[[ Materials provided open ]]

(* Let $m\geq 1$, let $\zeta=\zeta_m$ be a primitive $m$th root of unity, let $C_m$ be cyclic of order $m$ with generator $c$, and consider the cyclic Wedderburn embedding \[ \omega_m\colon\mathbb{Z}[\zeta]C_m\to\prod_{j\in[0,m-1]}\mathbb{Z}[\zeta],\qquad c\mapsto(\zeta^j)_{j\in[0,m-1]}. \] Then: (i) $G_{\zeta^{-1}}^{\mathrm{T}}\,V_{\zeta}\,G_{\zeta^{-1}}=m\,(D_{\zeta^{-1}})^{-1}$, and this is a diagonal matrix whose $(i+1)$st diagonal entry, $i\in[0,m-1]$, equals \[ \frac{m\,\zeta^{(i^2)}}{\prod_{j\in[1,i]}(1-\zeta^j)}. \] (ii) The image of $\omega_m$ is \[ \Bigl\{(y_j)_{j\in[0,m-1]}\in\prod_{j\in[0,m-1]}\mathbb{Z}[\zeta]\;\Bigm|\;\sum_{j\in[i,m-1]}y_j\begin{bmatrix}j\\ i\end{bmatrix}_{\zeta^{-1}}\in\mathbb{Z}[\zeta]\cdot\frac{m}{\prod_{j\in[1,i]}(1-\zeta^j)}\ \text{for all }i\in[0,m-1]\Bigr\}, \] where the membership is taken inside $\mathbb{Q}(\zeta)$. (iii) A $\mathbb{Z}[\zeta]$-linear basis of the image of $\omega_m$ is given by the elements, indexed by $j\in[0,m-1]$, \[ \Bigl((-1)^k\zeta^{\binom{k}{2}}\frac{m}{\prod_{l\in[1,j]}(1-\zeta^l)}\begin{bmatrix}j\\ k\end{bmatrix}_{\zeta}\Bigr)_{k\in[0,m-1]}\in\prod_{k\in[0,m-1]}\mathbb{Z}[\zeta]. \]
   Context: For an indeterminate $q$ and integers $i\ge0$, $j\in\mathbb{Z}$: $[i]=(q^i-1)/(q-1)$, $[i]!=\prod_{k=1}^i[k]$ (so $[0]!=1$), and the Gaussian binomial $\begin{bmatrix}i\\ j\end{bmatrix}=\begin{bmatrix}i\\ j\end{bmatrix}_q=[i]!/([j]![i-j]!)$ if $j\in[0,i]$ and $0$ otherwise; specializing $q$ to a root of unity gives the values written with subscript. The $m\times m$ matrices (rows and columns indexed by $[0,m-1]$) are $G_q=(\begin{bmatrix}i\\ j\end{bmatrix})_{i,j}$, $V_q=(q^{ij})_{i,j}$, and $D_q$ the diagonal matrix with $i$th entry $[i]!\,(q-1)^i\,q^{\binom{i}{2}}$; $^{\mathrm T}$ denotes transpose. Interval $[a,b]=\{x\in\mathbb{Z}:a\le x\le b\}$. *)

(* ambient field: algC (algebraic complex numbers), which contains
   Q(zeta) for every root of unity zeta. *)
From mathcomp Require Import all_boot all_order all_algebra all_field.
Set Implicit Arguments. Unset Strict Implicit. Unset Printing Implicit Defensive.
Import GRing.Theory Num.Theory.
Local Open Scope ring_scope.

Definition qint_poly (i : nat) : {poly rat} := \sum_(k < i) 'X^k.
Definition qfact_poly (i : nat) : {poly rat} := \prod_(1 <= k < i.+1) qint_poly k.
(* Gaussian binomial [i]!/([j]! [i-j]!) if j in [0,i], else 0 (it is a polynomial) *)
Definition gbinom_poly (i j : nat) : {poly rat} :=
  if (j <= i)%N then qfact_poly i %/ (qfact_poly j * qfact_poly (i - j)) else 0.

Definition qfact (q : algC) (i : nat) : algC := (map_poly ratr (qfact_poly i)).[q].
Definition gbinom (q : algC) (i j : nat) : algC := (map_poly ratr (gbinom_poly i j)).[q].

Definition Gmx (m : nat) (q : algC) : 'M[algC]_m := \matrix_(i < m, j < m) gbinom q i j.
Definition Vmx (m : nat) (q : algC) : 'M[algC]_m := \matrix_(i < m, j < m) q ^+ (i * j).
Definition Dmx (m : nat) (q : algC) : 'M[algC]_m :=
  diag_mx (\row_(i < m) (qfact q i * (q - 1) ^+ i * q ^+ 'C(i, 2))).

Definition in_Zzeta (z x : algC) : Prop := exists p : {poly int}, x = (map_poly intr p).[z].

(* cyclic Wedderburn embedding: the element sum_k a_k c^k of Z[zeta]C_m
   (a_k in Z[zeta]) is sent to (sum_k a_k (zeta^j)^k)_{j in [0,m-1]} *)
Definition omega (m : nat) (z : algC) (a : 'I_m -> algC) (j : 'I_m) : algC :=
  \sum_(k < m) a k * (z ^+ j) ^+ k.

Definition omega_image (m : nat) (z : algC) (y : 'I_m -> algC) : Prop :=
  exists a : 'I_m -> algC, (forall k, in_Zzeta z (a k)) /\ (forall j, y j = omega z a j).

From mathcomp Require Import all_boot all_order all_algebra all_field.
From mathcomp Require Import ring zify.
Set Implicit Arguments. Unset Strict Implicit. Unset Printing Implicit Defensive.
Import GRing.Theory Num.Theory.
Local Open Scope ring_scope.

(* Put q = zeta^-1 and (q; q)_b = prod_(1 <= l <= b) (1 - q^l). By the
   q-binomial theorem,
     [j, b]_q (q; q)_b = prod_(l < b) (1 - q^j zeta^l)
                       = sum_s (-1)^s zeta^C(s,2) [b, s]_zeta q^(j s),
   so orthogonality of the characters j |-> zeta^(i j) shows that the (i, b)
   entry of V_zeta G_q is m (-1)^i zeta^C(i,2) [b, i]_zeta / (q; q)_b; it
   vanishes for i > b. Hence G_q^T V_zeta G_q is upper triangular; being
   symmetric it is diagonal, with the entries of (i). As G_q is unitriangular
   with entries in Z[zeta], it is invertible over Z[zeta]: the image
   V_zeta Z[zeta]^m of omega_m equals V_zeta G_q Z[zeta]^m, which G_q^T maps
   onto the diagonal lattice of (i); this gives (ii), and the columns of
   V_zeta G_q, rescaled by units of Z[zeta], are the basis of (iii). *)

Lemma qfact_poly0 : qfact_poly 0 = 1.
Proof. by rewrite /qfact_poly big_geq. Qed.

Lemma qfact_polyS n : qfact_poly n.+1 = qfact_poly n * qint_poly n.+1.
Proof. by rewrite /qfact_poly big_nat_recr. Qed.

Lemma qint_poly0 : qint_poly 0 = 0.
Proof. by rewrite /qint_poly big_ord0. Qed.

Lemma qint_polyD a b : qint_poly (a + b) = qint_poly a + 'X^a * qint_poly b.
Proof.
rewrite /qint_poly big_split_ord /= mulr_sumr; congr (_ + _).
by apply: eq_bigr => i _; rewrite exprD.
Qed.

Lemma qint_poly_neq0 k : (0 < k)%N -> qint_poly k != 0.
Proof.
move=> k_gt0; apply: contraTneq k_gt0 => qk0.
have : (qint_poly k).[1] = k%:R.
  rewrite /qint_poly horner_sum (eq_bigr (fun _ => 1)) => [|i _].
    by rewrite sumr_const card_ord.
  by rewrite hornerXn expr1n.
by rewrite qk0 horner0 => /esym/eqP; rewrite pnatr_eq0 => /eqP->.
Qed.

Lemma qfact_poly_neq0 n : qfact_poly n != 0.
Proof.
elim: n => [|n IHn]; first by rewrite qfact_poly0 oner_eq0.
by rewrite qfact_polyS mulf_neq0 // qint_poly_neq0.
Qed.

Lemma gbinom_poly_gt n k : (n < k)%N -> gbinom_poly n k = 0.
Proof. by move=> ltnk; rewrite /gbinom_poly leqNgt ltnk. Qed.

Lemma gbinom_poly_unique n k P : (k <= n)%N ->
  P * (qfact_poly k * qfact_poly (n - k)) = qfact_poly n -> gbinom_poly n k = P.
Proof.
move=> lekn Pfact; rewrite /gbinom_poly lekn -Pfact mulpK //.
by rewrite mulf_neq0 ?qfact_poly_neq0.
Qed.

Lemma gbinom_poly_n0 n : gbinom_poly n 0 = 1.
Proof. by apply: gbinom_poly_unique; rewrite // qfact_poly0 subn0 !mul1r. Qed.

Section PascalStep.

Variable n : nat.
Hypothesis gbinom_polyK_n : forall k, (k <= n)%N ->
  gbinom_poly n k * (qfact_poly k * qfact_poly (n - k)) = qfact_poly n.

(* For [k = n] both sides vanish, since [gbinom_poly n n.+1 = 0 = qint_poly 0]. *)
Let gbinom_polyK_shift k : (k <= n)%N ->
  gbinom_poly n k.+1 * (qfact_poly k.+1 * qfact_poly (n - k))
  = qfact_poly n * qint_poly (n - k).
Proof.
case: ltngtP => // [ltkn _ | -> _].
  have -> : (n - k = (n - k.+1).+1)%N by lia.
  by rewrite [qfact_poly (n - k.+1).+1]qfact_polyS -(gbinom_polyK_n ltkn); ring.
by rewrite gbinom_poly_gt // subnn qint_poly0 !mul0r mulr0.
Qed.

Lemma gbinom_poly_pascal_fact k : (k <= n)%N ->
  (gbinom_poly n k + 'X^(k.+1) * gbinom_poly n k.+1)
    * (qfact_poly k.+1 * qfact_poly (n - k)) = qfact_poly n.+1.
Proof.
move=> lekn; have ex_k := gbinom_polyK_n lekn.
have split_n : (n.+1 = k.+1 + (n - k))%N by lia.
rewrite mulrDl -mulrA gbinom_polyK_shift // [in RHS]qfact_polyS split_n qint_polyD.
rewrite qfact_polyS -ex_k; ring.
Qed.

End PascalStep.

Lemma gbinom_polyK n k : (k <= n)%N ->
  gbinom_poly n k * (qfact_poly k * qfact_poly (n - k)) = qfact_poly n.
Proof.
elim: n k => [|n IHn] [|k] lekn //.
- by rewrite gbinom_poly_n0 qfact_poly0 !mul1r.
- by rewrite gbinom_poly_n0 qfact_poly0 subn0 !mul1r.
have pascal := gbinom_poly_pascal_fact IHn lekn.
by rewrite subSS (gbinom_poly_unique lekn pascal).
Qed.

Lemma gbinom_polySS n k :
  gbinom_poly n.+1 k.+1 = gbinom_poly n k + 'X^(k.+1) * gbinom_poly n k.+1.
Proof.
have [lekn | ltnk] := leqP k n; last first.
  by rewrite !gbinom_poly_gt ?mulr0 ?addr0 //; lia.
apply: gbinom_poly_unique => //; rewrite subSS.
exact: (gbinom_poly_pascal_fact (@gbinom_polyK n) lekn).
Qed.

Definition qpoch (q : algC) (n : nat) : algC := \prod_(1 <= l < n.+1) (1 - q ^+ l).

Definition qbinom_coef (q : algC) (n s : nat) : algC :=
  (-1) ^+ s * q ^+ 'C(s, 2) * gbinom q n s.

Lemma binS2 n : 'C(n.+1, 2) = ('C(n, 2) + n)%N.
Proof. by rewrite binS bin1. Qed.

Lemma bin2_addS n : ('C(n.+1, 2) + 'C(n, 2))%N = (n ^ 2)%N.
Proof. by elim: n => // n IHn; rewrite !binS2 -!mulnn in IHn *; nia. Qed.

Lemma qpoch0 q : qpoch q 0 = 1.
Proof. by rewrite /qpoch big_geq. Qed.

Lemma qpochS q n : qpoch q n.+1 = qpoch q n * (1 - q ^+ n.+1).
Proof. by rewrite /qpoch big_nat_recr. Qed.

Section QSeries.

Variable q : algC.

Lemma gbinomSS n k :
  gbinom q n.+1 k.+1 = gbinom q n k + q ^+ k.+1 * gbinom q n k.+1.
Proof.
by rewrite /gbinom gbinom_polySS rmorphD rmorphM /= map_polyXn hornerD hornerM hornerXn.
Qed.

Lemma gbinom_n0 n : gbinom q n 0 = 1.
Proof. by rewrite /gbinom gbinom_poly_n0 rmorph1 hornerC. Qed.

Lemma gbinom_gt n k : (n < k)%N -> gbinom q n k = 0.
Proof. by move=> ltnk; rewrite /gbinom gbinom_poly_gt // rmorph0 horner0. Qed.

Lemma gbinom_nn n : gbinom q n n = 1.
Proof.
elim: n => [|n IHn]; first exact: gbinom_n0.
by rewrite gbinomSS IHn gbinom_gt ?mulr0 ?addr0.
Qed.

Lemma qfactS_subr1 n : qfact q n.+1 * (q - 1) = qfact q n * (q ^+ n.+1 - 1).
Proof.
rewrite /qfact qfact_polyS rmorphM hornerM /qint_poly rmorph_sum horner_sum subrX1.
under eq_bigr do rewrite /= map_polyXn hornerXn.
by rewrite -mulrA [_ * (q - 1)]mulrC.
Qed.

Lemma qfact_subr1 n : qfact q n * (q - 1) ^+ n = (-1) ^+ n * qpoch q n.
Proof.
elim: n => [|n IHn].
  by rewrite /qfact qfact_poly0 rmorph1 hornerC qpoch0 !expr0 mulr1.
rewrite exprS mulrA qfactS_subr1 qpochS -mulrA (mulrC _ ((q - 1) ^+ n)) mulrA IHn.
by rewrite [(-1) ^+ n.+1]exprS; ring.
Qed.

Lemma qpochV n : q != 0 ->
  qpoch q^-1 n = (-1) ^+ n * q ^- 'C(n.+1, 2) * qpoch q n.
Proof.
move=> q_neq0; elim: n => [|n IHn]; first by rewrite !qpoch0 expr0 divr1 mulr1.
rewrite !qpochS IHn (binS2 n.+1) exprD invfM exprVn !exprS.
by field; rewrite q_neq0 !expf_neq0.
Qed.

Lemma qbinom_coef0 n : qbinom_coef q n 0 = 1.
Proof. by rewrite /qbinom_coef gbinom_n0 !mulr1. Qed.

Lemma qbinom_coef_gt n s : (n < s)%N -> qbinom_coef q n s = 0.
Proof. by move=> ltns; rewrite /qbinom_coef gbinom_gt // mulr0. Qed.

Lemma qbinom_coefSS n s : qbinom_coef q n.+1 s.+1
  = qbinom_coef q n s.+1 * q ^+ s.+1 - qbinom_coef q n s * q ^+ s.
Proof. by rewrite /qbinom_coef gbinomSS binS2 exprD !exprS; ring. Qed.

Theorem qbinomial n x :
  \prod_(l < n) (1 - x * q ^+ l) = \sum_(s < n.+1) qbinom_coef q n s * x ^+ s.
Proof.
elim: n x => [|n IHn] x; first by rewrite big_ord0 big_ord1 qbinom_coef0 mulr1.
rewrite big_ord_recl expr0 mulr1.
under eq_bigr do rewrite lift0 exprS mulrA.
rewrite IHn [in RHS]big_ord_recl qbinom_coef0 expr0 mulr1.
under [in RHS]eq_bigr do rewrite lift0 qbinom_coefSS mulrBl.
rewrite sumrB; set S := \sum_(s < n.+1) _.
rewrite [X in _ = 1 + (X - _)](_ : _ = S - 1); last first.
  rewrite big_ord_recr /= qbinom_coef_gt // !mul0r addr0.
  rewrite /S big_ord_recl qbinom_coef0 expr0 mulr1 addrC addKr.
  by apply: eq_bigr => i _; rewrite lift0 exprMn mulrA mulrAC.
rewrite [X in _ = 1 + (_ - X)](_ : _ = x * S); last first.
  by rewrite mulr_sumr; apply: eq_bigr => i _; rewrite exprS exprMn; ring.
ring.
Qed.

Lemma gbinom_qpoch i a : q != 0 ->
  gbinom q i a * qpoch q a = \prod_(l < a) (1 - q ^+ i * q^-1 ^+ l).
Proof.
move=> q_neq0; elim: i a => [|i IHi] [|a].
- by rewrite gbinom_n0 qpoch0 big_ord0 mulr1.
- by rewrite gbinom_gt // mul0r big_ord_recl !expr0 mulr1 subrr mul0r.
- by rewrite gbinom_n0 qpoch0 big_ord0 mulr1.
have IHa := IHi a; have IHa1 := IHi a.+1; rewrite qpochS big_ord_recr /= in IHa1.
rewrite big_ord_recl expr0 mulr1.
under eq_bigr do rewrite lift0 !exprS mulrACA mulfV // mul1r.
set R := \prod_(l < a) _ in IHa IHa1 *.
have qaV : q ^+ a * q^-1 ^+ a = 1 by rewrite -exprMn mulfV // expr1n.
rewrite gbinomSS !qpochS.
transitivity (gbinom q i a * qpoch q a * (1 - q ^+ a.+1)
  + q ^+ a.+1 * (gbinom q i a.+1 * (qpoch q a * (1 - q ^+ a.+1)))); first by ring.
rewrite IHa IHa1.
transitivity (R - R * q ^+ i.+1 * (q ^+ a * q^-1 ^+ a)); first by rewrite !exprS; ring.
by rewrite qaV; ring.
Qed.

[[ Materials provided closed ]]

The lines needed are those in the data above that hold the string "hornerM"; copy each of them.

● Your solution:
by rewrite /gbinom gbinom_polySS rmorphD rmorphM /= map_polyXn hornerD hornerM hornerXn.
rewrite /qfact qfact_polyS rmorphM hornerM /qint_poly rmorph_sum horner_sum subrX1.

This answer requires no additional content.